This work is inspired by the paper Distilling the Knowledge in a Neural Network.
This repository implements Knowledge Distillation in PyTorch using the MNIST dataset. The goal is to train a Student model to achieve similar accuracy to a Teacher model while being significantly smaller and more efficient.
- A Teacher model (larger network) is trained on MNIST.
- A Student model (smaller network) learns from both the Teacher's soft labels and the ground-truth labels using Distillation Loss.
- The Student model achieves ~97.68% accuracy, nearly matching the Teacher's 97.69% accuracy, with 73.5% fewer parameters.
Model | Architecture (Fully Connected Layers) | Parameters | Accuracy (%) |
---|---|---|---|
Teacher | FC(784 → 1200) → FC(1200 → 1200) → FC(1200 → 10) | 2,395,210 | 97.69% |
Student | FC(784 → 800) → FC(800 → 10) | 636,010 (73.5% smaller) | 97.68% |
- Learns from soft labels (teacher's predictions) and ground-truth labels.
- Uses Distillation Loss:
$\text{Loss} = \alpha \cdot \text{KL-Divergence} + (1 - \alpha) \cdot \text{CrossEntropyLoss}$ - Temperature (T=5.0) controls softening of teacher logits.

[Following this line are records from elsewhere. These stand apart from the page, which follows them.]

Theorem lemma3p6 (C : Category) (n : nat) (a b : Ob (Zn (PCat_of C) n))
    (f : Hom (Zn (PCat_of C) n) a b) :
  okOb a -> okOb b -> degeneracy (PCat_of C) n f -> is_mono f.
Proof.
move=> _ _ deg_f c g h _ _ _.
exact: degeneracy_raw_mono deg_f c g h.
Qed.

- Alpha (α=0.7) balances hard vs. soft targets.
Model | Accuracy (%) | Parameters | Size Reduction (%) |
---|---|---|---|
Teacher | 97.69% | 2,395,210 | - |
Student | 97.68% | 636,010 | 73.5% smaller than teacher |
- Minimal Accuracy Drop (~0.01%)
- 4x Reduction in Model Size
- Hinton et al Distilling the Knowledge in a Neural Network.